There's an interesting article on the Boxes and Arrows site: Search Behavior Patterns, by John Ferrara. The article drew my attention to a new(ish) search engine called "Easy Search Live", which offers a 'live view' feature. Click on "live view" beside any item and a window opens to show you the site. Quite a neat feature for finding useful sites within the search output, rather than clicking and opening a new tab or window for the site.

19 January 2008

"Advanced search"

Stephen Turbek has an interesting post in his Weblog on the 'advanced search' function found with many search engines.

Advanced search is the ugly child of interface design -always included, but never loved. Websites have come to depend on their search engines as the volume of content has increased. Yet advanced search functionality has not significantly developed in years. Poor matches and overwhelming search results remain a problem for users. Perhaps the standard search pattern deserves a new look. A progressive disclosure approach can enable users to use precision advanced search techniques to refine their searches and pinpoint the desired results.

Designers of library catalogues please note!

30 December 2007

A metasearch engine

Thanks to Research Buzz for drawing my attention to Zuula - a new-ish metasearch engine. I don't use these things much myself, but Zuula might change my mind, so I've added it to my Firefox search engines.

It's interesting to see what comes up from the different engines when searching for information research: for Web searches Zuula uses Google, Yahoo, MSN, Gigablast, Exalead, Alexa, Accoona and Mojeek (yes - I'd never heard of some of those, either!) and I score these on the scale: 3 - the journal link appears as the top item; 2 - ...in the top five; 1 - ... on the first page; 0 ...not on the first page.
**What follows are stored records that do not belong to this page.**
(* Let $\Omega=(a_1,b_1)\times\cdots\times(a_n,b_n)\subset\mathbb{R}^n$ be a bounded box. There is a constant $C_H\in(0,4]$ such that for every admissible mesh size vector $h$ and all $u\in W_0^{1,2}(\overline{\Omega}_h)$, $$\sum_{x\in\Omega_h}\frac{u(x)^2}{\operatorname{dist}(x,\partial\Omega_h)^2}\mathbf{h}\le C_H\sum_{i=1}^n\sum_{x\in\overline{\Omega}_h\setminus\partial_i^+\Omega_h}|D_i^+u(x)|^2\mathbf{h}.$$
   Context: Admissible mesh: $h_i>0$, $a_i=k_ih_i$, $b_i=l_ih_i$, $k_i,l_i\in\mathbb{Z}$, $l_i-k_i>1$; $\mathbb{R}^n_h=\{(h_1z_1,\dots,h_nz_n):z_i\in\mathbb{Z}\}$, $\overline{\Omega}_h=\overline{\Omega}\cap\mathbb{R}^n_h$, $\Omega_h=\Omega\cap\mathbb{R}^n_h$, $\partial\Omega_h=\partial\Omega\cap\mathbb{R}^n_h$, $\partial_i^+\Omega_h=\partial\Omega_h\cap\{x_i=b_i\}$, $\mathbf{h}=h_1\cdots h_n$, $D_i^+u(x)=(u(x+h_ie_i)-u(x))/h_i$. $W_0^{1,2}(\overline{\Omega}_h)$ = functions $u:\overline{\Omega}_h\to\mathbb{R}$ vanishing on $\partial\Omega_h$. $\operatorname{dist}(x,\partial\Omega_h)$ is the Euclidean distance from $x$ to the set $\partial\Omega_h$. *)

From HB Require Import structures.
From mathcomp Require Import all_boot all_order all_algebra.
From mathcomp Require Import boolp classical_sets fsbigop reals.
Set Implicit Arguments. Unset Strict Implicit. Unset Printing Implicit Defensive.
Import Order.TTheory GRing.Theory Num.Theory.
Local Open Scope ring_scope.
Local Open Scope classical_set_scope.

Section Grid.
Variables (R : realType) (n : nat).
Implicit Types (a b h : 'I_n -> R) (x y : 'rV[R]_n).

Definition admissible a b h : Prop :=
  forall i, 0 < h i /\ exists k l : int,
    a i = h i * k%:~R /\ b i = h i * l%:~R /\ (1 < l - k)%R.

Definition lattice h : set 'rV[R]_n :=
  [set x | exists z : 'I_n -> int, forall i, x ord0 i = h i * (z i)%:~R].

Definition box_open a b : set 'rV[R]_n := [set x | forall i, a i < x ord0 i < b i].
Definition box_closed a b : set 'rV[R]_n := [set x | forall i, a i <= x ord0 i <= b i].
Definition box_bdry a b : set 'rV[R]_n := box_closed a b `\` box_open a b.

Definition Omega_h a b h := box_open a b `&` lattice h.
Definition Omegabar_h a b h := box_closed a b `&` lattice h.
Definition bdry_h a b h := box_bdry a b `&` lattice h.
Definition bdry_plus_h a b h (i : 'I_n) := bdry_h a b h `&` [set x | x ord0 i = b i].

Definition W0 a b h (u : 'rV[R]_n -> R) : Prop := forall x, bdry_h a b h x -> u x = 0.

Definition Dplus h (i : 'I_n) (u : 'rV[R]_n -> R) x : R :=
  (u (x + h i *: delta_mx ord0 i) - u x) / h i.

Definition eucl_dist x y : R := Num.sqrt (\sum_(i < n) (x ord0 i - y ord0 i) ^+ 2).
Definition dist_set x (S : set 'rV[R]_n) : R := inf [set eucl_dist x y | y in S].

Definition hvol h : R := \prod_(i < n) h i.
End Grid.

From HB Require Import structures.
From mathcomp Require Import all_boot all_order all_algebra.
From mathcomp Require Import boolp classical_sets fsbigop reals.
From mathcomp Require Import ring lra zify.
Set Implicit Arguments. Unset Strict Implicit. Unset Printing Implicit Defensive.
Import Order.TTheory GRing.Theory Num.Theory.
Local Open Scope ring_scope.
Local Open Scope classical_set_scope.
(* Let $n\ge 2$ and let $\sigma_{n-1}\in G_n$ be the automorphism with $\sigma_{n-1}(y_{n-1}y_n)=-y_{n-1}y_n$ and $\sigma_{n-1}(y_jy_{j+1})=y_jy_{j+1}$ for $1\le j\le n-2$. Then $(\mathrm{EC}_n-1)(\sigma_{n-1}(\mathrm{EC}_n)-1)=(x_n-\mathrm{EC}_{n-1}(x_1,\dots,x_{n-1}))^2$. In particular $\mathrm{EC}_n=1$ implies $x_n=\mathrm{EC}_{n-1}(x_1,\dots,x_{n-1})$.
   Context: Let $x_1,\dots,x_n$ be algebraically independent indeterminates over $\mathbb{Q}$; in an algebraic closure fix $y_j$ with $y_j^2=1-x_j^2$. For indices $i_1<\dots<i_m$, $\mathrm{EC}_m(x_{i_1},\dots,x_{i_m})=\sum_{S\subseteq\{i_1,\dots,i_m\},\ |S|\text{ even}}(-1)^{|S|/2}\prod_{j\in S}y_j\prod_{j\notin S}x_j$, and $\mathrm{EC}_n=\mathrm{EC}_n(x_1,\dots,x_n)$. $G_n$ is the Galois group of $\mathbb{Q}(x_1,\dots,x_n,\ y_iy_j:1\le i<j\le n)$ over $\mathbb{Q}(x_1,\dots,x_n)$. *)

From HB Require Import structures.
From mathcomp Require Import all_boot all_order all_algebra.
Set Implicit Arguments. Unset Strict Implicit. Unset Printing Implicit Defensive.
Import Order.TTheory GRing.Theory Num.Theory.
Local Open Scope ring_scope.

(* Elements of 'I_m are shifted by one: j : 'I_m stands for index j+1. *)
Definition EC (L : comRingType) (x y : nat -> L) (m : nat) : L :=
  \sum_(S : {set 'I_m} | ~~ odd #|S|)
     (-1) ^+ (#|S| %/ 2) * (\prod_(j in S) y j.+1) * (\prod_(j in ~: S) x j.+1).

(* Write x_j = cos t_j and y_j = sin t_j.  Then EC_m = cos (t_1 + ... + t_m):
   it is the top-left entry of the product of the rotation matrices
   x_j + y_j J, with J ^ 2 = -1, whose expansion over subsets S of the factors
   taking y_j J produces exactly the sign (-1) ^ (|S| / 2) on even S.
   Let c and d be the cosine and sine of t_1 + ... + t_(n-1).  The hypotheses
   force sigma to multiply y_1, ..., y_(n-1) by a common sign e and y_n by -e,
   so sigma fixes c, maps d to e d, and sends EC_n = c x_n - d y_n to
   c x_n + d y_n.  The claim is then the identity
   (cos (u + v) - 1) (cos (u - v) - 1) = (cos u - cos v) ^ 2. *)

From mathcomp Require Import all_boot all_algebra ring.
Set Implicit Arguments. Unset Strict Implicit. Unset Printing Implicit Defensive.
Import GRing.Theory.
Local Open Scope ring_scope.

Section ImaginaryUnit.
Variables (R : comNzRingType) (A : algType R) (u : A).

Lemma prod_add_scale m (a b : 'I_m -> R) :
  \prod_(i < m) ((a i)%:A + b i *: u) =
  \sum_(S : {set 'I_m}) (\prod_(i in S) b i * \prod_(i in ~: S) a i) *: u ^+ #|S|.
Proof.
under eq_bigr do rewrite addrC.
rewrite bigA_distr /=; apply: eq_bigr => S _.
rewrite (eq_bigr (fun i => (if i \in S then b i else a i) *: u ^+ (i \in S)));
  last by move=> i _; case: (i \in S); rewrite ?scale1r.
rewrite scaler_prod prodrXr; congr (_ *: u ^+ _).
  rewrite (bigID (mem S)) /=; congr (_ * _); apply: eq_big => i //.
  - by move=> ->.
  - by rewrite inE.
  - by move=> /negbTE ->.
by rewrite -sum1_card [RHS]big_mkcond.
Qed.

Hypothesis u_sqr : u ^+ 2 = -1.

Lemma mul_add_scale a b c d :
  (a%:A + b *: u) * (c%:A + d *: u) = (a * c - b * d)%:A + (a * d + b * c) *: u.
Proof.
rewrite mulrDl !mulrDr -!scalerAl -!scalerAr !mul1r !mulr1 -expr2 u_sqr !scalerA.
by rewrite scalerN scalerBl scalerDl [RHS]addrACA [- _ + _]addrC.
Qed.

Lemma expr_imag k : u ^+ k = (-1) ^+ k./2 *: u ^+ odd k.
Proof.
rewrite -{1}(odd_double_half k) addnC exprD -mul2n exprM u_sqr.
by rewrite -scaleN1r exprZn expr1n -scalerAl mul1r.
Qed.
End ImaginaryUnit.

Section Rotation.
Variable R : comNzRingType.

Definition imag_mx : 'M[R]_2 := delta_mx 1 0 - delta_mx 0 1.

Lemma imag_mx_sqr : imag_mx ^+ 2 = -1.
Proof.
rewrite expr2 -mulmxE mulmxBl !mulmxBr !mul_delta_mx !mul_delta_mx_0 //.
by apply/matrixP => -[[|[|//]] ?] [[|[|//]] ?]; rewrite !mxE /= !subr0 ?oppr0 ?sub0r.
Qed.

Definition rot (a b : R) : 'M[R]_2 := a%:A + b *: imag_mx.

Lemma rot00 a b : rot a b 0 0 = a.
Proof. by rewrite !mxE /= subrr mulr0 mulr1 addr0. Qed.

Lemma rot10 a b : rot a b 1 0 = b.
Proof. by rewrite !mxE /= subr0 mulr0 mulr1 add0r. Qed.

Lemma rotM a b c d : rot a b * rot c d = rot (a * c - b * d) (a * d + b * c).
Proof. exact/mul_add_scale/imag_mx_sqr. Qed.

Variables x y : nat -> R.

Definition rot_prod m := \prod_(j < m) rot (x j.+1) (y j.+1).

Definition cos_sum m := rot_prod m 0 0.
Definition sin_sum m := rot_prod m 1 0.

Lemma rot_prodE m : rot_prod m = rot (cos_sum m) (sin_sum m).
Proof.
have rotE M a b : M = rot a b -> M = rot (M 0 0) (M 1 0).
  by move=> ->; rewrite rot00 rot10.
rewrite /cos_sum /sin_sum; elim: m => [|m IHm].
  by apply: (rotE _ 1 0); rewrite /rot_prod big_ord0 /rot scale0r addr0 scale1r.
by apply: rotE; rewrite /rot_prod big_ord_recr /= -/(rot_prod m) IHm rotM.
Qed.

Lemma cos_sum0 : cos_sum 0 = 1.
Proof. by rewrite /cos_sum /rot_prod big_ord0 mxE. Qed.

Lemma sin_sum0 : sin_sum 0 = 0.
Proof. by rewrite /sin_sum /rot_prod big_ord0 mxE. Qed.

Lemma rot_prodS m : rot_prod m.+1 =
  rot (cos_sum m * x m.+1 - sin_sum m * y m.+1) (cos_sum m * y m.+1 + sin_sum m * x m.+1).
Proof. by rewrite /rot_prod big_ord_recr /= -/(rot_prod m) rot_prodE rotM. Qed.

Lemma cos_sumS m : cos_sum m.+1 = cos_sum m * x m.+1 - sin_sum m * y m.+1.
Proof. by rewrite {1}/cos_sum rot_prodS rot00. Qed.

Lemma sin_sumS m : sin_sum m.+1 = cos_sum m * y m.+1 + sin_sum m * x m.+1.
Proof. by rewrite {1}/sin_sum rot_prodS rot10. Qed.

Lemma EC_cos_sum m : EC x y m = cos_sum m.
Proof.
rewrite /cos_sum /rot_prod /rot.
rewrite (prod_add_scale _ (fun i : 'I_m => x i.+1) (fun i => y i.+1)) summxE.
rewrite /EC big_mkcond /=; apply: eq_bigr => S _.
rewrite mxE (expr_imag imag_mx_sqr) mxE divn2.
case: (odd #|S|); last by rewrite /= mxE mulr1 [RHS]mulrC mulrA.
by rewrite /= expr1 !mxE /= subrr !mulr0.
Qed.

Lemma cos_sum_sqr_add m :
  (forall i, (1 <= i <= m)%N -> x i ^+ 2 + y i ^+ 2 = 1) ->
  cos_sum m ^+ 2 + sin_sum m ^+ 2 = 1.
Proof.
elim: m => [|m IHm] hxy; first by rewrite cos_sum0 sin_sum0 expr1n expr0n addr0.
have -> : cos_sum m.+1 ^+ 2 + sin_sum m.+1 ^+ 2 =
    (cos_sum m ^+ 2 + sin_sum m ^+ 2) * (x m.+1 ^+ 2 + y m.+1 ^+ 2).
  by rewrite cos_sumS sin_sumS; ring.
rewrite IHm ?hxy ?mulr1 //= => i /andP[i_gt0 i_le_m].
by rewrite hxy // i_gt0 leqW.
Qed.

End Rotation.

(* With (a, b) = (cos u, sin u) and (c, d) = (cos v, sin v) this reads
   (cos (u + v) - 1) (cos (u - v) - 1) = (cos u - cos v) ^ 2. *)
Lemma cos_addM_cos_sub_sub1 (R : comNzRingType) (a b c d : R) :
  a ^+ 2 + b ^+ 2 = 1 -> c ^+ 2 + d ^+ 2 = 1 ->
  (c * a - d * b - 1) * (c * a + d * b - 1) = (a - c) ^+ 2.
Proof.
move=> hab hcd.
have -> : (c * a - d * b - 1) * (c * a + d * b - 1) =
    (c * a - 1) ^+ 2 - d ^+ 2 * b ^+ 2 by ring.
have hb : b ^+ 2 = 1 - a ^+ 2 by rewrite -hab addrC addKr.
have hd : d ^+ 2 = 1 - c ^+ 2 by rewrite -hcd addrC addKr.
by rewrite hb hd; ring.
Qed.

Section FieldMorphism.
Variables (F : fieldType) (s : {rmorphism F -> F}).

Lemma rmorph_ratio_sqr a : a != 0 -> s (a ^+ 2) = a ^+ 2 -> (s a / a) ^+ 2 = 1.
Proof. by move=> a0 sa2; rewrite expr_div_n -rmorphXn sa2 divff // expf_neq0. Qed.

Lemma rmorph_ratio_next a b c e : a != 0 -> e ^+ 2 = 1 ->
  s a = e * a -> s (a * b) = c * (a * b) -> s b = c * e * b.
Proof.
move=> a0 e2 sa sab; have e0 : e != 0 by rewrite -(sqrf_eq0 e) e2 oner_eq0.
apply: (mulfI (mulf_neq0 e0 a0)); rewrite -{1}sa -rmorphM sab.
by rewrite -[LHS]mulr1 -e2; ring.
Qed.

Lemma rmorph_ratio_chain (y : nat -> F) m :
  (forall j, (1 <= j <= m.+1)%N -> y j != 0) -> s (y 1 ^+ 2) = y 1 ^+ 2 ->
  (forall j, (1 <= j <= m)%N -> s (y j * y j.+1) = y j * y j.+1) ->
  forall j, (1 <= j <= m.+1)%N -> s (y j) = s (y 1) / y 1 * y j.
Proof.
move=> y0 sy1 syy; have e2 := rmorph_ratio_sqr (y0 1%N isT) sy1.
elim=> [|[|j] IHj] // hj; first by rewrite divfK ?y0.
have j_lt_m : (j.+1 <= m)%N := hj.
rewrite -[_ / _]mul1r; apply: (rmorph_ratio_next (y0 j.+1 _) e2).
- by rewrite /= leqW.
- by rewrite IHj //= leqW.
- by rewrite syy ?mul1r.
Qed.

Lemma rmorph_cos_sin_sum (x y : nat -> F) e m : e ^+ 2 = 1 ->
  (forall j, (1 <= j <= m)%N -> s (x j) = x j) ->
  (forall j, (1 <= j <= m)%N -> s (y j) = e * y j) ->
  s (cos_sum x y m) = cos_sum x y m /\ s (sin_sum x y m) = e * sin_sum x y m.
Proof.
move=> e2; elim: m => [|m IHm] sx sy; first by rewrite cos_sum0 sin_sum0 rmorph0 rmorph1 mulr0.
have sub_m j : (1 <= j <= m)%N -> (1 <= j <= m.+1)%N by case/andP=> -> /leqW.
have [sc ss] := IHm (fun j hj => sx j (sub_m j hj)) (fun j hj => sy j (sub_m j hj)).
have m_le : (1 <= m.+1 <= m.+1)%N by rewrite leqnn.
rewrite cos_sumS sin_sumS rmorphB rmorphD !rmorphM sc ss sx // sy //.
by split; [rewrite mulrACA -expr2 e2 mul1r | rewrite mulrCA -[e * _ * _]mulrA -mulrDr].
Qed.

Lemma rmorph_cos_sumS_flip (x y : nat -> F) e m : e ^+ 2 = 1 ->
  s (cos_sum x y m) = cos_sum x y m -> s (sin_sum x y m) = e * sin_sum x y m ->
  s (x m.+1) = x m.+1 -> s (y m.+1) = - e * y m.+1 ->
  s (cos_sum x y m.+1) = cos_sum x y m * x m.+1 + sin_sum x y m * y m.+1.
Proof.
move=> e2 sc ss sx sy; rewrite cos_sumS rmorphB !rmorphM sc ss sx sy.
by rewrite mulrACA mulrN -expr2 e2 mulN1r opprK.
Qed.

End FieldMorphism.

Unset Implicit Arguments.
Theorem mainTheorem7 (L : fieldType) (n : nat) (x y : nat -> L)
    (sigma : {rmorphism L -> L}) :
  (2 <= n)%N ->
  (forall i, (1 <= i <= n)%N -> y i ^+ 2 = 1 - x i ^+ 2) ->
  (* genericity: consequence of algebraic independence of the x_i *)
  (forall i, (1 <= i <= n)%N -> x i ^+ 2 != 1) ->
  (* sigma fixes Q(x_1,...,x_n) *)
  (forall i, (1 <= i <= n)%N -> sigma (x i) = x i) ->
  sigma (y n.-1 * y n) = - (y n.-1 * y n) ->
  (forall j, (1 <= j <= n - 2)%N -> sigma (y j * y j.+1) = y j * y j.+1) ->
  (EC x y n - 1) * (sigma (EC x y n) - 1) = (x n - EC x y n.-1) ^+ 2
  /\ (EC x y n = 1 -> x n = EC x y n.-1).
Proof.
case: n => [|[|k]] //= _ hy hx2 sx sy_last sy_pair.
have le_k2 j : (1 <= j <= k.+1)%N -> (1 <= j <= k.+2)%N.
  by case/andP=> -> /leqW.
have hxy i : (1 <= i <= k.+2)%N -> x i ^+ 2 + y i ^+ 2 = 1.
  by move=> hi; rewrite hy // addrC subrK.
have y0 i : (1 <= i <= k.+2)%N -> y i != 0.
  by move=> hi; rewrite -sqrf_eq0 hy // subr_eq0 eq_sym hx2.
have sy1 : sigma (y 1 ^+ 2) = y 1 ^+ 2 by rewrite hy // rmorphB rmorph1 rmorphXn sx.
have e2 := rmorph_ratio_sqr (y0 1%N isT) sy1; set e := _ / _ in e2.
have sy : forall j, (1 <= j <= k.+1)%N -> sigma (y j) = e * y j.
  apply: rmorph_ratio_chain => // [j /le_k2/y0 //|j /andP[j_gt0 j_le]].
  by rewrite sy_pair // j_gt0 subn2.
have sy_n : sigma (y k.+2) = - e * y k.+2.
  rewrite -mulN1r; apply: (rmorph_ratio_next (y0 k.+1 _) e2).
  - by rewrite leqnSn.
  - by rewrite sy // leqnn.
  - by rewrite sy_last mulN1r.
have [sc ss] := rmorph_cos_sin_sum e2 (fun j hj => sx j (le_k2 j hj)) sy.
have key : (EC x y k.+2 - 1) * (sigma (EC x y k.+2) - 1) = (x k.+2 - EC x y k.+1) ^+ 2.
  rewrite !EC_cos_sum (rmorph_cos_sumS_flip e2) ?sx ?leqnn // (cos_sumS x y k.+1).
  rewrite cos_addM_cos_sub_sub1 ?hxy ?leqnn //.
  by apply: cos_sum_sqr_add => i /le_k2/hxy.
split=> // EC1; apply/eqP.
by rewrite -subr_eq0 -sqrf_eq0 -key EC1 subrr mul0r.
Qed.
On this basis, the scores are:

3: Google, Yahoo, MSN, Gigablast
1: Exalead
0: Alexa, Accoona, Mojeek.

Using the blog search proved interesting: Zuula uses Google, Technorati, IceRocket, Blogpulse, Sphere, Bloglines, Blogdigger, BlogDimension and Topix. In terms of finding items relating to either the journal or the Weblog (in either its old or its new manifestation) on the top page of results, I had expected Technorati to win, but no! Using a simple count of the number of references to the journal or my Weblog, we find:

9: Topix
4: Google
3: Blog-Dimension
2: Blogdigger
1: Bloglines
0: Technorati, IceRocket, Blogpulse, Sphere

I hadn't heard of Topix, but it is obviously worth a look.

16 December 2007

Another search engine

Aficionados of search engines might be interested in Carrot. This uses multiple search engines and then clusters the results by Topics, Sources and Sites. This is a demo site, but it seems to have possibilities.